How to use NVM volumes
You can use the Container Storage Interface (CSI) driver that is provided by Alibaba Cloud to manage the lifecycle of NVM devices in ACK clusters. This allows you to allocate, mount, and use NVM resources by using declarative claims.
- PMEP-LVM (use NVM as non-intrusive block storage)
You can directly claim NVM resources without the need to modify your applications. You can use Logical Volume Manager (LVM) to virtualize PMEM resources on a node into volume groups (VGs). Then, you can create persistent volume claims (PVCs) of the required type and capacities. You can use NVM without the need to modify the following types of applications: serverless applications, low-latency and high-throughput data computing applications, and short-CI/CD period applications that require high-speed temporary storage. This allows you to improve the I/O throughput by 2 to 10 times. For more examples, see Use AEP non-volatile memory to improve read and write performance.
- PMEM-direct memory
You can use PMEM as direct memory by making a specific number of modifications to the memory allocation functions. This allows you to access data in a similar way as using DRAM. This way, you can provision NVM resources as direct memory at TB-level and reduce 30% to 50% of the cost. This meets the requirements of in-memory databases such as Redis and SAP HANA in terms of large memory and cost-effectiveness. For more examples, see Deploy a Redis instance that has an NVM volume mounted as direct memory.
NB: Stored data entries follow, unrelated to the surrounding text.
(* Let $n\ge k\ge 1$ and $s\ge t \ge 0$ be integers. If $\mathcal{H} \subset EM(n,k,s,t)$ and $|\mathcal{H}| = m$, then $|\partial\mathcal{H}|\ge |\partial L_{m}EM(n,k,s,t)|$.
   Context: $[n]=\{1,\dots,n\}$, $\binom{[n]}{k}$ is the family of $k$-subsets of $[n]$. For $0\le t\le\min\{k,s\}$, $EM(n,k,s,t)=\{A\in\binom{[n]}{k}: |A\cap[s]|\ge t\}$; $EM(n,k,s,t)=\emptyset$ if $t>\min\{k,s\}$, and $=\binom{[n]}{k}$ if $n\le s$. $\partial\mathcal{H}=\{A\in\binom{[n]}{k-1}: A\subset B\text{ for some }B\in\mathcal{H}\}$. Colex order: $A\prec B$ iff $\max\big((A\setminus B)\cup(B\setminus A)\big)\in B$; $L_m\mathcal{F}$ is the set of the first $m$ members of $\mathcal{F}$ in colex order. *)

(* Ground set [n] = {1,...,n} is modelled by 'I_n,
   the ordinal i : 'I_n standing for the integer i+1. *)
From mathcomp Require Import all_boot.
Set Implicit Arguments. Unset Strict Implicit. Unset Printing Implicit Defensive.

(* |A ∩ [s]| : elements i+1 <= s, i.e. i < s *)
Definition EM (n k s t : nat) : {set {set 'I_n}} :=
  [set A : {set 'I_n} | (#|A| == k) && (t <= #|[set i in A | (i : nat) < s]|)].

Definition shadow (n k : nat) (H : {set {set 'I_n}}) : {set {set 'I_n}} :=
  [set B : {set 'I_n} | (#|B| == k.-1) && [exists A in H, B \subset A]].

Definition colex_lt (n : nat) (A B : {set 'I_n}) : bool :=
  [exists x in B :\: A,
     [forall y in (A :\: B) :|: (B :\: A), (y : nat) <= x]].

Definition firstm (n : nat) (m : nat) (F : {set {set 'I_n}}) : {set {set 'I_n}} :=
  [set A in F | #|[set B in F | colex_lt B A]| < m].

From mathcomp Require Import all_boot zify.
Set Implicit Arguments. Unset Strict Implicit. Unset Printing Implicit Defensive.

(* Shifting argument in the style of Frankl's proof of Kruskal-Katona.  For
   disjoint U, V of equal size with U before V in colex, the (U, V)-shift
   replaces V by U inside a member A of the family whenever the result still
   meets [s] in at least t points.  Shifting a family H inside EM(n,k,s,t)
   keeps its size, keeps it inside EM(n,k,s,t) and lowers the binary weight
   sum of 2^i unless H is already shifted.  If (U, V) is an unshifted pair of
   minimal rank |U| + |V cap [s]|, then H is shifted along the smaller pairs
   obtained by dropping one point from U and from V, or by trading a point of
   V cap [s] for one outside [s]; this makes B |-> (B \ U) u V an injection from
   the sets gained in the shadow to the sets lost, so the shadow does not grow.
   A family shifted along every colex pair is a colex initial segment of EM. *)

Lemma big_setU_disjoint (R : Type) (idx : R) (op : Monoid.com_law idx)
    (I : finType) (X Y : {set I}) (F : I -> R) :
  [disjoint X & Y] ->
  \big[op/idx]_(i in X :|: Y) F i =
    op (\big[op/idx]_(i in X) F i) (\big[op/idx]_(i in Y) F i).
Proof. by move=> dXY; rewrite -bigU //; apply: eq_bigl => i; rewrite !inE. Qed.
- PMEP-LVM: NVM resources can be used as block storage or file systems in ACK clusters without intrusion or modification to your applications. The I/O throughput is 2 to 10 times higher than SSDs.
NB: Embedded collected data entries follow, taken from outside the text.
Lemma sibling_family_sup D v t k0 :
  (forall d, D d -> valid d) -> D (tree_node v (k0 :: t)) ->
  (forall d, D d -> exists k, D (tree_node v (k :: t)) /\ tree_le d (tree_node v (k :: t))) ->
  exists s, is_tree_sup D s /\ stage_cofinal D s.
Proof.
  intros hval hk0 hkey. destruct (hval _ hk0) as [hvt hk0t].
  set (J := fun k => D (tree_node v (k :: t))).
  set (UB := fun k' => stage_lt (fst k') (path_stage v t) /\ forall k, J k -> idx_le k k').
  pose proof (sibling_family_upper_bound D v t k0 hk0) as upper_bounds.
  assert (cofinal : forall g, ~ (forall k, J k -> idx_le k (Some g, 0)) ->
            exists d, D d /\ stage_le (Some g) (stage d)).
  { intros g h. apply NNPP; intros h2. apply h. intros k hk.
    destruct (idx_lt_or_le (Some g, 0) k) as [h3|h3]; auto.
    exfalso; apply h2. exists (tree_node v (k :: t)). split; auto.
    apply (idx_le_fst (Some g, 0)). right; exact h3. }
  destruct (classic (exists k', UB k')) as [hUB|hUB].
  - destruct (wf_exists_minimal _ idx_lt_wf UB hUB) as [ks [hks hksmin]].
    assert (least : forall k', UB k' -> idx_le ks k').
    { intros k' hk'. destruct (idx_lt_or_le k' ks) as [h|h]; auto.
      contradiction (hksmin k' hk' h). }
    exists (tree_node v (ks :: t)). split; [split; [|split]|].
    + split; [exact hvt | exact (proj1 hks)].
    + intros d hd. destruct (hkey d hd) as [k [hk h]]. eapply tree_le_trans; [exact h|].
      simpl; split; auto. apply path_le_sibling, (proj2 hks), hk.
    + intros b hb hbD. destruct (upper_bounds b hb hbD) as [h|[k' [-> hk']]].
      * eapply tree_le_trans; [|exact h]. simpl; auto using path_le_child.
      * simpl; split; auto. apply path_le_sibling, least, hk'.
    + intros g hg. change (stage_lt (Some g) (fst ks)) in hg. apply cofinal. intros hbound.
      apply (stage_le_lt_false (fst ks) (Some g)); [|exact hg].
      apply (idx_le_fst _ (Some g, 0)), least. split; [|exact hbound].
      exact (stage_lt_trans _ _ _ hg (proj1 hks)).
  - exists (tree_node v t). split; [split; [|split]|].
    + exact hvt.
    + intros d hd. destruct (hkey d hd) as [k [hk h]]. eapply tree_le_trans; [exact h|].
      simpl; auto using path_le_child.
    + intros b hb hbD. destruct (upper_bounds b hb hbD) as [h|[k' [-> hk']]]; auto.
      contradiction hUB; eauto.
    + intros g hg. apply cofinal. intros hbound. apply hUB.
      exists (Some g, 0). split; [exact hg | exact hbound].
Qed.

Lemma directed_below_common_node D v p0 :
  tree_directed D -> ~ D tree_top -> D (tree_node v p0) ->
  forall d, D d -> exists q, D (tree_node v q) /\ path_le p0 q /\ tree_le d (tree_node v q).
Proof.
  intros [_ [_ hdir]] htop hp0 d hd.
  destruct (hdir d _ hd hp0) as [[|v' q] [hc [h1 h2]]]; [contradiction|].
  destruct h2 as [<- h2]. eauto.
Qed.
- PMEM-direct memory: NVM resources can be used as direct memory in ACK clusters. You must modify the applications so that they are adaptive to the logic in PMEM SDK for memory allocation. This offers high throughput and low latency that are comparable to DRAM.
Method | Support for fragmented storage | Support for online expansion | Support for memory persistence | Support for application modification | Latency (4K/RW) | Throughput (4K/RW) | Maximum capacity of a single ECS instance (ecs.ebmre6p.26xlarge) |
---|---|---|---|---|---|---|---|
PMEM-LVM | No | Yes | Yes | No | 10 us | 10W | 1536 GB |
PMEM-Direct | Yes | No | No | Yes | 1.2 us | 56W | 768 GB |
SSD | No | Yes | Yes | No | 100 us | 1W | 32 TB |
Deploy CSI components
- CSI-Plugin: initializes PMEM devices and creates, deletes, mounts, and unmounts volumes.
- CSI-Provisioner: detects and initiates volume creation and deletion requests.
- CSI-Scheduler: schedules storage (The ACK scheduler is a preinstalled component).
- To enable automatic O&M for NVM devices, you must add the
pmem.csi.alibabacloud.com
label to the node that uses NVM. - To use the PMEP-LVM method, you must add the
pmem.csi.alibabacloud.com: lvm
label to the node that uses NVM. - To use the PMEM-direct memory method, you must add the
pmem.csi.alibabacloud.com: direct
label to the node that uses NVM.
- Create an ACK cluster. Create an ACK cluster that contains ECS instances with PMEM resources. For example, create an ACK cluster that contains ECS instances of ecs.ebmre6p.26xlarge. For more information, see Create an ACK managed cluster.
- Configure the node to use PMEM resources. To ensure that the CSI plug-in works as expected, you must add the required label to the node.Add the following label to the node:
You can also add the following label to the node:pmem.csi.alibabacloud.com/type: direct
pmem.csi.alibabacloud.com/type: lvm
- Deploy the CSI plug-in for PMEM.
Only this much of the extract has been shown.